Wednesday, December 19, 2012

The Penultimate Day: Mayan Calendar (sutra)

Ashley Wells, Dhr. Seven, Amber Dorrian, Xochitl, CC Liu, Wisdom Quarterly, COUNTDOWN: -2
Siddhartha meets Mara under the Bodhi tree the night before the dawn of enlightenment.
"Therefore, since the world has still/Much good, but much less good than ill,/And while the sun and moon endure,/Luck's a chance, but trouble's sure,/I'd face it as a wise man would,/And train for ill and not for good./But take it: if the smack is sour/The better for the embittered hour;/It will do good to heart and head..." (A.E. Housman).
 
Well, this just about does it for us in the Old Age. "Any last words, Zaphod?" "No." "Trillian?" "No."
 
"I don't have any either," Arthur Dent exclaimed. 

"We figured that, monkey man."

"You, Ford?" "Well, I find the prospect of death contracts the mind wonderfully."

Fortunately, Trillian's been meditating. So she's saved, and her eventual liberation is guaranteed. Not as much can be said for the rest of us. We did make some merit, good karma, and that's a comfort.
 
(Dhammalokasuttas, Perth, Australia) Ajahn Brahmali explains the discourse on "Fear and Dread" (Bhayabherava Sutta, Middle Length Discourses 4).

Fear not for fear weakens one. Love.
Near the end, this is the end, what to do as it ends? Shall we glance at the nice town, review its war plan, tour the mass graves? If we know there's nothing to fear but this very fear itself, how shall we dispel the fear? It is a problem as old as ancient India. At that time the Buddha dispelled fear by delivering this sutra.  
 
Study Guide: Discourse on Fear and Dread
Sati Center for Buddhist Studies Sutta Study Program 2008-2009 (edited)
Fearless mudra (samuizoom.com)
The Pali commentary to this discourse explains that if someone attaining meditative absorption (jhana) with a white disk (kasina), focusing until whiteness fills the mind, emerges from absorption unexpectedly at night then he or she might mistakenly think it is daytime. But this explanation seems forced. 

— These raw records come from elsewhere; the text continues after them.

(* Let $\Delta\in\mathfrak{gl}_n(A)$ be such that $\Phi$ is right compatible with $N$, let $\alpha\in\mathfrak{gl}_n(R)$ and let $u\in GL_n(R)$ satisfy $\delta u=\Delta^\alpha(u)$. Then $N^\delta\subset G_u$.
   Context: Let $p$ be an odd prime, $R$ the unique complete discrete valuation ring with maximal ideal $pR$ and residue field an algebraic closure of $\mathbb F_p$; $\phi$ the unique lift of Frobenius, $\delta a=(\phi(a)-a^p)/p$; on matrices $\phi,\delta$ act entrywise, $u^{(p)}=(u_{ij}^p)$. $x$ is an $n\times n$ matrix of indeterminates, $A=R[x,\det(x)^{-1}]^\wedge$. For $\Delta\in\mathfrak{gl}_n(A)$: $\Phi(x)=x^{(p)}+p\Delta(x)$, $\Delta^\alpha(x)=\alpha\Phi(x)+\Delta(x)$. $G_u=\{v\in GL_n(R):\phi(v)=\Phi(u)^{-1}\Phi(uv)\}$. $R^\delta=\{\lambda:\delta\lambda=0\}$. $T$: diagonal matrices in $GL_n(R)$; $W$: permutation matrices; $N=WT$; $N^\delta$: elements of $N$ with all entries in $R^\delta$. $\Phi$ is right compatible with $N$ if $\Phi(ac)=\Phi(a)c^{(p)}$ for all $a\in GL_n(R)$ and $c\in N$. *)

From HB Require Import structures.
From mathcomp Require Import all_boot all_order all_algebra all_fingroup.
From mathcomp Require Import mpoly.
From Stdlib Require Import ClassicalEpsilon.
Set Implicit Arguments. Unset Strict Implicit. Unset Printing Implicit Defensive.
Import Order.TTheory GRing.Theory Num.Theory.
Local Open Scope ring_scope.

Definition pdiv_by (R : comNzRingType) (p k : nat) (x : R) : Prop :=
  exists y : R, x = (p%:R) ^+ k * y.

(* R is "the" complete DVR with maximal ideal pR and residue field an
   algebraic closure of F_p (i.e. W(\bar F_p)), characterised axiomatically. *)
Definition is_Wbar (R : idomainType) (p : nat) : Prop :=
  prime p /\ odd p /\
      (* p is a nonzero non-unit, and every nonzero element is unit * p^k:
         R is a DVR with uniformizer p, maximal ideal pR *)
      (p%:R : R) != 0 /\ ~~ ((p%:R : R) \is a GRing.unit) /\
      (forall x : R, x != 0 ->
         exists (k : nat) (w : R), w \is a GRing.unit /\ x = (p%:R) ^+ k * w) /\
      (* p-adic completeness *)
      (forall a : nat -> R, (forall k, pdiv_by p k (a k.+1 - a k)) ->
         exists l : R, forall k, pdiv_by p k (l - a k)) /\
      (* residue field R/pR is algebraically closed *)
      (forall q : {poly R}, q \is monic -> (1 < size q)%N ->
         exists a : R, pdiv_by p 1 q.[a]) /\
    (* residue field is algebraic over F_p *)
      (forall a : R, exists k : nat, (0 < k)%N /\ pdiv_by p 1 (a ^+ (p ^ k) - a)).

(* phi is a lift of Frobenius (such a lift is unique on W(\bar F_p)) *)
Definition frob_lift (R : comNzRingType) (p : nat) (phi : {rmorphism R -> R}) : Prop :=
  forall a : R, pdiv_by p 1 (phi a - a ^+ p).

(* delta a = (phi a - a^p)/p : the (unique, p being a nonzerodivisor) d
   with phi a - a^p = p d *)
Definition delta (R : comNzRingType) (p : nat) (phi : R -> R) (a : R) : R :=
  epsilon (inhabits 0) (fun d : R => phi a - a ^+ p = p%:R * d).

Definition Rdelta (R : comNzRingType) (p : nat) (phi : R -> R) (l : R) : Prop :=
  delta p phi l = 0.

Definition mx_phi (R : comNzRingType) n (phi : R -> R) (u : 'M[R]_n) : 'M[R]_n :=
  map_mx phi u.
Definition mx_pow (R : comNzRingType) n (p : nat) (u : 'M[R]_n) : 'M[R]_n :=
  map_mx (fun a => a ^+ p) u.
Definition mx_delta (R : comNzRingType) n (p : nat) (phi : R -> R) (u : 'M[R]_n)
  : 'M[R]_n := map_mx (delta p phi) u.

Definition mx_coords (R : comNzRingType) n (u : 'M[R]_n) : 'I_(n * n) -> R :=
  fun i => mxvec u 0 i.

(* Elements of A = R[x, det(x)^{-1}]^ (p-adic completion) are identified with
   the functions on GL_n(R) they induce: f is in A iff for every k it agrees
   mod p^k on GL_n(R) with some P(x) det(x)^{-m}, P a polynomial. *)
Definition in_A (R : idomainType) n (p : nat) (f : 'M[R]_n -> R) : Prop :=
  forall k : nat, exists (P : {mpoly R[n * n]}) (m : nat),
    forall u : 'M[R]_n, u \in unitmx ->
      pdiv_by p k (f u - P.@[mx_coords u] * (\det u) ^- m).

Definition in_glA (R : idomainType) n (p : nat) (Delta : 'M[R]_n -> 'M[R]_n)
  : Prop := forall i j : 'I_n, in_A p (fun x => Delta x i j).

Definition Phi (R : comNzRingType) n (p : nat) (Delta : 'M[R]_n -> 'M[R]_n)
  (x : 'M[R]_n) : 'M[R]_n := mx_pow p x + p%:R *: Delta x.

Definition Delta_alpha (R : comNzRingType) n (p : nat)
  (Delta : 'M[R]_n -> 'M[R]_n) (alpha : 'M[R]_n) (x : 'M[R]_n) : 'M[R]_n :=
  alpha *m Phi p Delta x + Delta x.

Definition in_N (R : comUnitRingType) n (c : 'M[R]_n) : Prop :=
  exists (s : 'S_n) (d : 'rV[R]_n),
    (forall i, d 0 i \is a GRing.unit) /\ c = perm_mx s *m diag_mx d.

Definition in_Ndelta (R : comUnitRingType) n (p : nat) (phi : R -> R)
  (c : 'M[R]_n) : Prop :=
  in_N c /\ forall i j, Rdelta p phi (c i j).

Definition right_compatible_N (R : comUnitRingType) n (p : nat)
  (Delta : 'M[R]_n -> 'M[R]_n) : Prop :=
  forall a c : 'M[R]_n, a \in unitmx -> in_N c ->
    Phi p Delta (a *m c) = Phi p Delta a *m mx_pow p c.

Definition in_G (R : comUnitRingType) n (p : nat) (phi : R -> R)
  (Delta : 'M[R]_n -> 'M[R]_n) (u v : 'M[R]_n) : Prop :=
  v \in unitmx /\
  mx_phi phi v = invmx (Phi p Delta u) *m Phi p Delta (u *m v).

From HB Require Import structures.
From mathcomp Require Import all_boot all_order all_algebra all_fingroup.
From mathcomp Require Import mpoly.
From Stdlib Require Import ClassicalEpsilon.
Import GRing.Theory.
Local Open Scope ring_scope.

(* Writing phi(u) = u^(p) + p delta(u), the hypothesis on u gives
   phi(u) = (1 + p alpha) Phi(u), so Phi(u) is invertible.  For c in N^delta,
   phi(c) = c^(p) entrywise, and right compatibility gives
   Phi(u c) = Phi(u) c^(p) = Phi(u) phi(c). *)

Section FrobeniusLift.

Variables (R : comUnitRingType) (p : nat) (phi : {rmorphism R -> R}).
Hypothesis phi_frob : frob_lift p phi.

Lemma frob_liftE (a : R) : phi a = a ^+ p + p%:R * delta p phi a.
Proof.
have -> : p%:R * delta p phi a = phi a - a ^+ p.
  apply/esym/(epsilon_spec (inhabits 0) (fun d => phi a - a ^+ p = p%:R * d)).
  by have [y ->] := phi_frob a; exists y; rewrite expr1.
by rewrite addrC subrK.
Qed.

Lemma Rdelta_frob (a : R) : Rdelta p phi a -> phi a = a ^+ p.
Proof. by rewrite /Rdelta frob_liftE => ->; rewrite mulr0 addr0. Qed.

Lemma mx_phiE n (u : 'M[R]_n) :
  mx_phi phi u = mx_pow p u + p%:R *: mx_delta p phi u.
Proof. by apply/matrixP=> i j; rewrite !mxE frob_liftE. Qed.

Lemma mx_phi_Rdelta n (c : 'M[R]_n) :
  (forall i j, Rdelta p phi (c i j)) -> mx_phi phi c = mx_pow p c.
Proof. by move=> cRd; apply/matrixP=> i j; rewrite !mxE Rdelta_frob. Qed.

Lemma mx_phi_unitmx n (u : 'M[R]_n) : u \in unitmx -> mx_phi phi u \in unitmx.
Proof. by rewrite !unitmxE /mx_phi det_map_mx; exact: rmorph_unit. Qed.

Variables (n : nat) (Delta : 'M[R]_n -> 'M[R]_n) (alpha u : 'M[R]_n).
Hypothesis delta_u : mx_delta p phi u = Delta_alpha p Delta alpha u.

Lemma mx_phi_Delta_alpha :
  mx_phi phi u = (1 + p%:R *: alpha) *m Phi p Delta u.
Proof.
rewrite mx_phiE delta_u /Delta_alpha /Phi mulmxDl mul1mx -scalemxAl scalerDr.
by rewrite -addrA [_ + p%:R *: Delta u]addrC.
Qed.

Lemma Phi_unitmx : u \in unitmx -> Phi p Delta u \in unitmx.
Proof.
by move/mx_phi_unitmx; rewrite mx_phi_Delta_alpha unitmx_mul => /andP[].
Qed.

End FrobeniusLift.

Lemma in_N_unitmx (R : comUnitRingType) n (c : 'M[R]_n) :
  in_N c -> c \in unitmx.
Proof.
case=> s [d [d_unit ->]].
rewrite unitmx_mul unitmx_perm unitmxE det_diag.
by apply: rpred_prod => i _; exact: d_unit.
Qed.

Theorem lemma3p4 (R : idomainType) (p : nat) (phi : {rmorphism R -> R})
  (n : nat) (Delta : 'M[R]_n -> 'M[R]_n) (alpha u : 'M[R]_n) :
  is_Wbar R p -> frob_lift p phi ->
  in_glA p Delta ->
  right_compatible_N p Delta ->
  u \in unitmx ->
  mx_delta p phi u = Delta_alpha p Delta alpha u ->
  forall c : 'M[R]_n, in_Ndelta p phi c -> in_G p phi Delta u c.
Proof.
move=> _ phi_frob _ Phi_compat u_unit delta_u c [cN cRd].
split; first exact: in_N_unitmx.
rewrite Phi_compat // mulKmx; last exact: Phi_unitmx delta_u u_unit.
exact: mx_phi_Rdelta.
Qed.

Another explanation is that a mistake was made during the [memorization, repeating, and] transmission of this part of this discourse. In other words, perhaps the text originally had something that made better sense.

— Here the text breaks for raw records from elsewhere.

Lemma expansion_euler G H : expansion G H ->
  size (gedges H) + 2 * gnv G = size (gedges G) + 2 * gnv H.
Proof. by elim=> // {}G i {}H hi _; rewrite size_expand //=; lia. Qed.

Lemma expansion_two_edge_linked G H : expansion G H -> wf_graph G ->
  two_edge_linked (gedges H) <-> two_edge_linked (gedges G).
Proof.
elim=> // {}G i {}H hi _ IH wfG.
by rewrite IH ?two_edge_linked_expand ?expand_wf.
Qed.

Lemma expansion_essential G H v : expansion G H -> wf_graph G -> v < gnv G ->
  essential (gedges G) v -> essential (gedges H) v.
Proof.
elim=> // {}G i {}H hi _ IH wfG hv ess.
apply: IH; rewrite ?expand_wf ?essential_expand ?ltn_eqF //=.
exact: ltnW.
Qed.

Lemma expansion_essential_inv G H v : expansion G H -> wf_graph G ->
  two_edge_linked (gedges H) -> v < gnv H -> essential (gedges H) v ->
  v < gnv G /\ essential (gedges G) v.
Proof.
move=> eGH; elim: eGH v => [|{}G i {}H hi eH IH] v wfG QH hv ess //.
have wfG' := expand_wf wfG hi.
have QG : two_edge_linked (gedges G).
  by rewrite -(two_edge_linked_expand wfG hi) -(expansion_two_edge_linked eH).
have [] := IH v wfG' QH hv ess; rewrite ltnS leq_eqVlt => /orP[/eqP vx|vG] essG'.
  by case: (essential_expand_new wfG hi QG); rewrite -vx.
by rewrite -(essential_expand wfG hi) ?ltn_eqF.
Qed.

Definition relabel (h : nat -> nat) E := [seq (h z.1, h z.2) | z <- E].

Section Relabel.

Variables (N : nat) (h : nat -> nat).
Hypothesis h_inj : {in [pred v | v < N] &, injective h}.

Lemma degrees_relabel E v : edges_below N E -> v < N ->
  degrees (relabel h E) (h v) = degrees E v.
Proof.
move=> /allP hE hv; rewrite /degrees /indeg /outdeg !count_map.
by congr pair; apply: eq_in_count => z /hE /andP[z1 z2] /=; rewrite (inj_in_eq h_inj).
Qed.

Lemma degrees12_relabel E a' : edges_below N E ->
  degrees (relabel h E) a' = (1, 2) -> exists2 a, a < N & a' = h a.
Proof.
move=> /allP hE; rewrite /degrees /outdeg => -[_ out2].
have : has (fun z : nat * nat => z.1 == a') (relabel h E) by rewrite has_count out2.
case/hasP=> _ /mapP[z zE ->] /eqP <-.
by exists z.1 => //; case/andP: (hE _ zE).
Qed.

Lemma adjacent_relabel E a q : edges_below N E -> a < N ->
  adjacent (relabel h E) (h a) q -> exists2 u, u < N & q = h u /\ adjacent E a u.
Proof.
move=> /allP hE ha; case/orP=> /mapP[[u v] huv [eu ev]];
  have /andP[hu hv] := hE _ huv.
- by exists v; rewrite // (h_inj ha hu eu) /adjacent huv.
- by exists u; rewrite // (h_inj ha hv ev) /adjacent huv orbT.
Qed.

Lemma linked_relabel E ok ok' a b : edges_below N E ->
  (forall u, u < N -> ok u -> ok' (h u)) ->
  linked E ok a b -> linked (relabel h E) ok' (h a) (h b).
Proof.
move=> /allP hE hok; apply: linked_map => u v ou ov huv.
have /andP[hu hv] := hE _ huv.
by apply: linked_edge; [exact: hok | exact: hok | exact: (map_f _ huv)].
Qed.

Lemma linked_relabel_inv E ok ok' a b : edges_below N E ->
  (forall u, u < N -> ok' (h u) -> ok u) -> a < N -> b < N ->
  linked (relabel h E) ok' (h a) (h b) -> linked E ok a b.
Proof.
move=> hE hok ha hb l.
suff gen p q : linked (relabel h E) ok' p q ->
    forall c, c < N -> p = h c -> q = h b -> linked E ok c b.
  exact: gen _ _ l a ha erefl erefl.
elim=> [u|u v w ou ov huv _ IH] c hc eu; subst u.
  by move/(h_inj hc hb) ->; apply: linked_refl.
move=> ew; have [d hd [ev hcd]] := adjacent_relabel hE hc huv; subst v.
by apply: linked_step (IH d hd erefl ew) => //; apply: hok.
Qed.

Lemma essential_relabel E v : edges_below N E -> v < N ->
  essential E v -> essential (relabel h E) (h v).
Proof.
move=> hE hv [nt|[a [b [ha hb nl]]]]; first by left; rewrite degrees_relabel.
have aN := degrees12_lt hE ha; have bN := degrees12_lt hE hb.
right; exists (h a), (h b); rewrite !degrees_relabel //; split=> // l; apply: nl.
by apply: linked_relabel_inv l => // u hu /=; apply: contra => /eqP ->.
Qed.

This theory is supported by the fact that the Chinese version has alternative wording:
 
Abhaya gesture (mesosyn.com)
“Both day and night, some recluses do not understand the path of the Dharma.” It also has a different description of the third knowledge (Section 31). It contains no mention of the Four Noble Truths or the fourfold formula for the taints (defilements of heart/mind).

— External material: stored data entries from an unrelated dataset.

(* Let $u\in\mathbb Z$, $\ell,d_1,\dots,d_\ell\in\mathbb N$ and $\phi(\tau,z)=\eta(\tau)^u\prod_{i=1}^\ell\vartheta(\tau,d_iz)$. Then, regarding $\phi$ and $\frac{\phi(2\tau,2z)}{\phi(\tau,z)}$ as formal series in $R(24)$, $$\nu_J\Bigl(\frac{\phi(2\tau,2z)}{\phi(\tau,z)}\Bigr)=\nu_J(\phi).$$
   Context: $q=e^{2\pi i\tau}$, $\zeta=e^{2\pi iz}$; $\eta(\tau)=q^{1/24}\prod_{n\ge1}(1-q^n)$ and $\vartheta(\tau,z)=q^{1/8}(\zeta^{1/2}-\zeta^{-1/2})\prod_{j\ge1}(1-q^j\zeta)(1-q^j\zeta^{-1})(1-q^j)$. With $v=\frac{u+3\ell}{24}$ and $k=\frac{\ell+u}2$ one has the product expansions $\phi=q^v\prod_{j}(1-q^j)^{2k}\prod_i(\zeta^{d_i/2}-\zeta^{-d_i/2})\prod_{i,j}(1-q^j\zeta^{d_i})(1-q^j\zeta^{-d_i})$ and $\frac{\phi(2\tau,2z)}{\phi(\tau,z)}=q^v\prod_{j}(1+q^j)^{2k}\prod_i(\zeta^{d_i/2}+\zeta^{-d_i/2})\prod_{i,j}(1+q^j\zeta^{d_i})(1+q^j\zeta^{-d_i})$, which are formal series in $R(24)$. Here $R(N)=\mathbb C[\zeta^{1/N},\zeta^{-1/N}]((q^{1/N}))$ is the ring of formal series $f=\sum_{n,r\in\frac1N\mathbb Z}c(n,r)q^n\zeta^r$ with finitely many $r$ for each $n$ and $n$ bounded below on $\operatorname{supp}(f)=\{(n,r):c(n,r)\neq0\}$. For $P\subseteq\mathbb R^2$, $\operatorname{conv}(P;\vec A)=\operatorname{conv}(P)+[0,\infty)\times\{0\}$ and $\nu_J(f)=\operatorname{Closure}_{\mathbb R^2}(\operatorname{conv}(\operatorname{supp}(f);\vec A))$. *)

From HB Require Import structures.
From mathcomp Require Import all_boot all_order all_algebra.
From mathcomp Require Import all_classical all_reals all_analysis.
Set Implicit Arguments. Unset Strict Implicit. Unset Printing Implicit Defensive.
Import Order.TTheory GRing.Theory Num.Theory.
Import numFieldNormedType.Exports.
Local Open Scope classical_set_scope.
Local Open Scope ring_scope.

(* Formal series are encoded via truncations in {poly {poly int}}:
   the outer variable qX is q, the inner variable YX is Y = zeta^(1/2).
   Negative powers of Y are removed by multiplying each factor by a power
   of Y (tracked by an explicit shift); negative powers of (1 +- q^j) are
   replaced by geometric sums truncated at order N, which is exact modulo
   q^(N+1). *)
Definition qX : {poly {poly int}} := 'X.
Definition YX : {poly {poly int}} := ('X : {poly int})%:P.

(* sg = -1 : the product expansion of phi / q^v;
   sg =  1 : the product expansion of phi(2tau,2z)/phi(tau,z) / q^v.
   e = 2k = l + u. *)
Definition etaf (sg e : int) (j N : nat) : {poly {poly int}} :=
  match e with
  | Posz m => (1 + sg%:~R * qX ^+ j) ^+ m
  | Negz m => (\sum_(0 <= t < N.+1) (- (sg%:~R * qX ^+ j)) ^+ t) ^+ m.+1
  end.

(* Y^(sum d) * (1 +- ...) truncated product up to j = N, times
   Y^(2 * N * sum d). *)
Definition prodser (sg e : int) (d : seq nat) (N : nat) : {poly {poly int}} :=
  (\prod_(x <- d) (YX ^+ (2 * x) + sg%:~R)) *
  \prod_(1 <= j < N.+1)
     (etaf sg e j N *
      \prod_(x <- d) ((YX ^+ (2 * x) + sg%:~R * qX ^+ j) *
                      (1 + sg%:~R * qX ^+ j * YX ^+ (2 * x)))).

The Chinese (EA 31.1) simply has: When my mind became composed, purified, clarified, without blemish, without defilement, grown soft and workable, fixed, and immovable, I called to mind knowledge to eliminate the taints. Then I truly knew suffering (T125 p666c15).
 
Given the centrality of the Four Noble Truths and the importance of the Buddha’s enlightenment, it seems unlikely that this would have been dropped during transmission. It is more likely that it was added to the Pali version sometime after the original composition. Some support for this idea is found in MN 6 (Section 19), MN12 (Section 19)... More
 
Penultimate?
(Wonderlane/flickr.com)
"Next to last." That's not today. That's not even tomorrow. We're always living in the last moment, because every moment ends with a falling phase. If we could see that, we would not cling. But we do not see that, so we fear (a kind of hate). Or we desire. Or we become confused. And in our aversion-attraction-delusion, we grasp. Then we cling. And so are born all manner of troubles. Fear not. Love more. Sit in self-development to quicken the personal evolution that is trying to happen. Let the solstice, the New age, the advent of the next cycle help speed up the process.